Survei ini dilakukan untuk memberikan gambaran berdasarkan persepsi ahli tentang situasi penegakan HAM setahun belakangan.
Dalam survei itu, Setara mengambil sebanyak 202 responden ahli dengan beragam latar belakang seperti akademisi, peneliti, aktivis, dan tokoh masyarakat.
Survei tersebut menggunakan delapan variabel sebagai alat ukur utama, yakni penyelesaian kasus pelanggaran HAM masa lalu, kebebasan berekspresi dan berserikat, kebebasan beragama dan berkeyakinan, serta hak rasa aman dan perlindungan warga negara.
Variabel lainnya adalah penghapusan hukuman mati, penghapusan diskriminasi, hak atas ekonomi, sosial dan budaya, serta rencana aksi penegakan HAM dan kinerja lembaga HAM.
(Baca juga: Setara Institute: Belum Ada Keberpihakan Politik Pemerintah terhadap Penegakan HAM)
Ahmad menyampaikan, pada survei tahun 2016, nilai variabel hak kebebasan berekspresi dan berserikat adalah 2,10.
Sementara itu, pada survei tahun 2015, nilai untuk variabel ini lebih tinggi, yakni 2,18 dengan skala penilaian 0-7.
Menurut analisis Ahmad, penurunan nilai ini dipicu oleh meningkatnya pembatasan kebebasan berekspresi melalui praktik kriminalisasi terhadap aktivis dan jurnalis.
Pembatasan tersebut, kata Ahmad, banyak terjadi di wilayah Papua.
Setara Institute mencatat, sepanjang tahun 2016 sebanyak 29 orang mengalami kriminalisasi, 2.397 orang ditangkap saat berunjuk rasa, 13 orang dibunuh, 68 orang ditembak, dan 2 peristiwa percobaan pembunuhan.

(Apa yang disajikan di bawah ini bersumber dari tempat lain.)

(* Let $G$ be the graph constructed as follows. Take three vertex-disjoint copies $H_1,H_2,H_3$ of $K_2\vee\overline{K_2}$ ($K_4$ minus an edge). In each $H_i$ choose a vertex $v_i$ of degree $2$. Add a new vertex $u$ adjacent to $v_1,v_2,v_3$. Then $G$ is a graph with $\Delta(G)=3$ containing no odd cycle of length greater than $3$, and $G$ is not $3$-edge-orientable.
   Context: $G_1\vee G_2$ denotes the join: the disjoint union of $G_1$ and $G_2$ plus all edges between them. An orientation of a graph is any digraph obtained by replacing each edge $xy$ with the arc $(x,y)$, with the arc $(y,x)$, or with both arcs. A kernel of a digraph $D$ is an independent set $S$ such that every vertex of $D-S$ has an out-neighbor in $S$. $D$ is kernel-perfect if every induced subdigraph of $D$ has a kernel. A graph $G$ is $k$-edge-orientable if its line graph $L(G)$ admits a kernel-perfect orientation in which every vertex has out-degree at most $k-1$. *)

From mathcomp Require Import all_boot all_order.
Set Implicit Arguments. Unset Strict Implicit. Unset Printing Implicit Defensive.

(* A simple graph on a finite type T: a symmetric irreflexive relation. *)

Definition edge_set (T : finType) (e : rel T) : {set {set T}} :=
  [set [set x; y] | x in T, y in T & e x y].

(* Vertices of the line graph L(G): the edges of G. *)
Definition edge_of (T : finType) (e : rel T) := {A : {set T} | A \in edge_set e}.

Definition line_adj (T : finType) (e : rel T) : rel (edge_of e) :=
  fun A B => (A != B) && (val A :&: val B != set0).
Arguments line_adj {T} e.

Definition is_orientation (V : finType) (adj D : rel V) : Prop :=
  (forall x y, D x y -> adj x y) /\ (forall x y, adj x y -> D x y || D y x).

Definition is_kernel_of (V : finType) (D : rel V) (S K : {set V}) : Prop :=
  K \subset S /\
  (forall x y, x \in K -> y \in K -> ~~ D x y) /\
  (forall x, x \in S -> x \notin K -> exists y, y \in K /\ D x y).

Definition kernel_perfect (V : finType) (D : rel V) : Prop :=
  forall S : {set V}, exists K : {set V}, is_kernel_of D S K.

Definition outdeg (V : finType) (D : rel V) (x : V) : nat := #|[set y | D x y]|.

Definition k_edge_orientable (T : finType) (e : rel T) (k : nat) : Prop :=
  exists D : rel (edge_of e),
    is_orientation (line_adj e) D /\ kernel_perfect D /\
    forall x, outdeg D x <= k.-1.

Definition max_degree (T : finType) (e : rel T) : nat :=
  \max_(x : T) #|[set y | e x y]|.

(* Cycles as (not necessarily induced) subgraphs: sequences of distinct
   vertices, consecutive ones adjacent, and last adjacent to first. *)
Definition no_odd_cycle_longer_than_3 (T : finType) (e : rel T) : Prop :=
  forall s : seq T, uniq s -> cycle e s -> odd (size s) -> size s <= 3.

(* For i = 0,1,2 the copy H_i of K_2 v co-K_2
   has vertices 4i (a_i), 4i+1 (b_i) forming the K_2, and 4i+2 (c_i = v_i),
   4i+3 (d_i) forming the co-K_2 (degree 2 in H_i). Vertex 12 is u. *)
Definition G_edges : seq (nat * nat) :=
  [:: (0,1); (0,2); (0,3); (1,2); (1,3);
      (4,5); (4,6); (4,7); (5,6); (5,7);
      (8,9); (8,10); (8,11); (9,10); (9,11);
      (12,2); (12,6); (12,10)].

Definition Gadj : rel 'I_13 :=
  fun x y => ((nat_of_ord x, nat_of_ord y) \in G_edges)
          || ((nat_of_ord y, nat_of_ord x) \in G_edges).

From mathcomp Require Import all_boot all_order.
Set Implicit Arguments. Unset Strict Implicit. Unset Printing Implicit Defensive.

(* In a kernel-perfect digraph every set of pairwise joined vertices, in particular
   every triangle, has a sink: a kernel of the induced subdigraph is a single vertex
   absorbing all the others.  Suppose L(G) has such an orientation with out-degrees at
   most 2.  In a copy of K_4 - e, the edge between the two vertices of degree 3 is the
   hub of a wheel whose rim is the 4-cycle of the other four edges, and the edge u v_i
   is joined to the two rim edges at v_i.  If u v_i pointed into neither of them, both
   would have a single out-arc left; the orientations this forces around the wheel
   leave a wheel triangle without a sink.  So each edge at u has an out-arc into its
   own copy.  But the three edges at u form a triangle of L(G), and of the two edges
   pointing to its sink, the tail of the arc between them has three out-arcs.
   The degree and cycle conditions hold because u is a cut vertex with exactly one
   neighbour in each of the three blocks of four vertices. *)

(* Proves [uniq t] for a list [t] of entries of [U]: identifying two of them would
   repeat an entry of [U]. *)
Ltac uniq_from U :=
  rewrite /= !inE !negb_or ?andbT; repeat (apply/andP; split);
  apply/eqP => eq_xy; subst; move: U; rewrite /= !inE !eqxx ?(orbT, orTb) /= ?andbF.

Section KernelPerfectDigraph.
Variables (V : finType) (D : rel V).

Definition joined (x y : V) : bool := D x y || D y x.

Lemma joinedC x y : joined x y = joined y x.
Proof. exact: orbC. Qed.

Lemma outdeg_ge_uniq x s : uniq s -> all (D x) s -> size s <= outdeg D x.
Proof.
move=> s_uniq /allP s_out; rewrite /outdeg -(card_uniqP s_uniq).
by apply/subset_leq_card/subsetP => y /s_out; rewrite inE.
Qed.

Hypothesis D_kp : kernel_perfect D.

Lemma kernel_perfect_semicomplete_sink (S : {set V}) :
  S != set0 -> {in S &, forall x y, x != y -> joined x y} ->
  exists2 x, x \in S & {in S, forall y, y != x -> D y x}.
Proof.
move=> /set0Pn[a aS] S_joined.
have [K [/subsetP KS [K_indep K_abs]]] := D_kp S.
have K_single x y : x \in K -> y \in K -> x = y.
  move=> xK yK; apply/eqP/negP => /negP/(S_joined _ _ (KS _ xK) (KS _ yK)).
  by rewrite /joined (negbTE (K_indep _ _ xK yK)) (negbTE (K_indep _ _ yK xK)).
have [x xK] : exists x, x \in K.
  case: (boolP (a \in K)) => [aK | /(K_abs a aS)[x [xK _]]]; first by exists a.
  by exists x.
exists x => [|y yS yx]; first exact: KS.
have yK : y \notin K by apply: contra yx => yK; apply/eqP/K_single.
by have [z [zK yz]] := K_abs y yS yK; rewrite (K_single _ _ xK zK).
Qed.

Lemma triangle_sink a b c : uniq [:: a; b; c] ->
  joined a b -> joined b c -> joined a c ->
  [\/ D b a /\ D c a, D a b /\ D c b | D a c /\ D b c].
Proof.
rewrite /= !inE !negb_or => /and3P[/andP[a_b a_c] b_c _] ab bc ac.
have S_joined : {in [set a; b; c] &, forall x y, x != y -> joined x y}.
  move=> x y; rewrite !inE => /orP[/orP[]|]/eqP-> /orP[/orP[]|]/eqP->;
    by rewrite ?eqxx // => _; rewrite // joinedC.
have [|x] := kernel_perfect_semicomplete_sink _ S_joined.
  by apply/set0Pn; exists a; rewrite !inE eqxx.
rewrite !inE => /orP[/orP[]|]/eqP-> x_sink; [constructor 1 | constructor 2 | constructor 3];
  by split; apply: x_sink; rewrite ?inE ?eqxx ?orbT // eq_sym.
Qed.

Hypothesis D_out : forall x, outdeg D x <= 2.

Lemma no_three_out_arcs x a b c :
  D x a -> D x b -> D x c -> uniq [:: a; b; c] -> False.
Proof.
move=> xa xb xc abc; have := outdeg_ge_uniq (x := x) abc; rewrite /= xa xb xc => /(_ isT).
by rewrite ltnNge D_out.
Qed.

Lemma saturated_arc_in x y a b :
  D y a -> D y b -> joined x y -> uniq [:: a; b; x] -> D x y.
Proof. by move=> ya yb /orP[// | yx] /(no_three_out_arcs ya yb yx). Qed.

Lemma sink_with_escapes x y z y' z' :
  D y x -> D z x -> joined y z -> D y y' -> D z z' ->
  uniq [:: x; z; y'] -> uniq [:: x; y; z'] -> False.
Proof.
move=> yx zx /orP[yz | zy] yy' zz'; first by move=> /(no_three_out_arcs yx yz yy').
by move=> _ /(no_three_out_arcs zx zy zz').
Qed.

Lemma triangle_escape a b c a' b' c' :
  D a a' -> D b b' -> D c c' ->
  uniq [:: a; b; c; a'] -> uniq [:: a; b; c; b'] -> uniq [:: a; b; c; c'] ->
  joined a b -> joined b c -> joined a c -> False.
Proof.
move=> aa' bb' cc' Ua Ub Uc ab bc ac.
have abc : uniq [:: a; b; c] by uniq_from Ua.
case: (triangle_sink abc ab bc ac) => -[xy zy].
- by apply: (sink_with_escapes xy zy bc bb' cc'); [uniq_from Ub | uniq_from Uc].
- by apply: (sink_with_escapes xy zy ac aa' cc'); [uniq_from Ua | uniq_from Uc].
- by apply: (sink_with_escapes xy zy ab aa' bb'); [uniq_from Ua | uniq_from Ub].
Qed.

Lemma wheel_rim_sink h p q r s e : uniq [:: h; p; q; r; s; e] ->
  joined q h -> joined r h -> joined h s -> joined p q -> joined q r -> joined r s ->
  D p e -> D s e -> D h p -> D s p -> False.
Proof.
move=> U qh rh hs pq qr rs pe se hp sp.
have h_s : D h s by apply: (saturated_arc_in se sp hs); uniq_from U.
have r_s : D r s by apply: (saturated_arc_in se sp rs); uniq_from U.
have q_h : D q h by apply: (saturated_arc_in hp h_s qh); uniq_from U.
have r_h : D r h by apply: (saturated_arc_in hp h_s rh); uniq_from U.
have q_r : D q r by apply: (saturated_arc_in r_s r_h qr); uniq_from U.
have p_q : D p q by apply: (saturated_arc_in q_h q_r pq); uniq_from U.
have hpq : uniq [:: h; p; q] by uniq_from U.
have hp' : joined h p by rewrite /joined hp.
have hq : joined h q by rewrite joinedC.
case: (triangle_sink hpq hp' pq hq) => -[yx zx].
- by apply: (no_three_out_arcs pe p_q yx); uniq_from U.
- by apply: (no_three_out_arcs q_h q_r zx); uniq_from U.
- by apply: (no_three_out_arcs hp h_s yx); uniq_from U.
Qed.

Lemma wheel_pendant_escape h p q r s e : uniq [:: h; p; q; r; s; e] ->
  joined h p -> joined h q -> joined h r -> joined h s ->
  joined p q -> joined q r -> joined r s -> joined s p ->
  joined e p -> joined e s -> D e p || D e s.
Proof.
move=> U hp hq hr hs pq qr rs sp /orP[-> // | pe] /orP[-> | se]; rewrite ?orbT //; exfalso.
have hps : uniq [:: h; p; s] by uniq_from U.
have ps : joined p s by rewrite joinedC.
case: (triangle_sink hps hp ps hs) => -[xy zy].
- case/orP: sp => [s_p | p_s].
    by apply: (no_three_out_arcs se zy s_p); uniq_from U.
  by apply: (no_three_out_arcs pe xy p_s); uniq_from U.
- by apply: (@wheel_rim_sink h p q r s e) => //; rewrite joinedC.
- apply: (@wheel_rim_sink h s r q p e) => //; first by uniq_from U.
  all: by rewrite joinedC.
Qed.

End KernelPerfectDigraph.

Section CutVertex.
Variables (T : finType) (e : rel T) (u : T) (c : T -> nat).
Hypothesis e_sym : symmetric e.
Hypothesis c_edge : forall x y, e x y -> x != u -> y != u -> c x = c y.
Hypothesis c_nbr_inj : {in [pred x | e u x] &, injective c}.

Di luar Papua, kriminalisasi terhadap aktivis HAM pun meningkat. Pada 2015 telah terjadi 23 peristiwa kriminalisasi, kemudian pada 2016 terjadi 32 peristiwa dengan 213 aktivis yang menjadi korban.
Sementara itu, catatan Setara juga menunjukkan adanya 46 peristiwa kekerasan yang dialami oleh jurnalis. Ahmad juga melansir data dari Papuan Behind Bars terkait tahanan politik.
Tercatat, hingga Maret 2016, tapol Papua yang belum dibebaskan. Dari monitoring Setara Institute terdapat 41 orang Papua yang masih menjadi tapol.
“Menurut kami, Papua menjadi daerah yang memiliki status darurat kebebasan berekspresi,” kata Ahmad.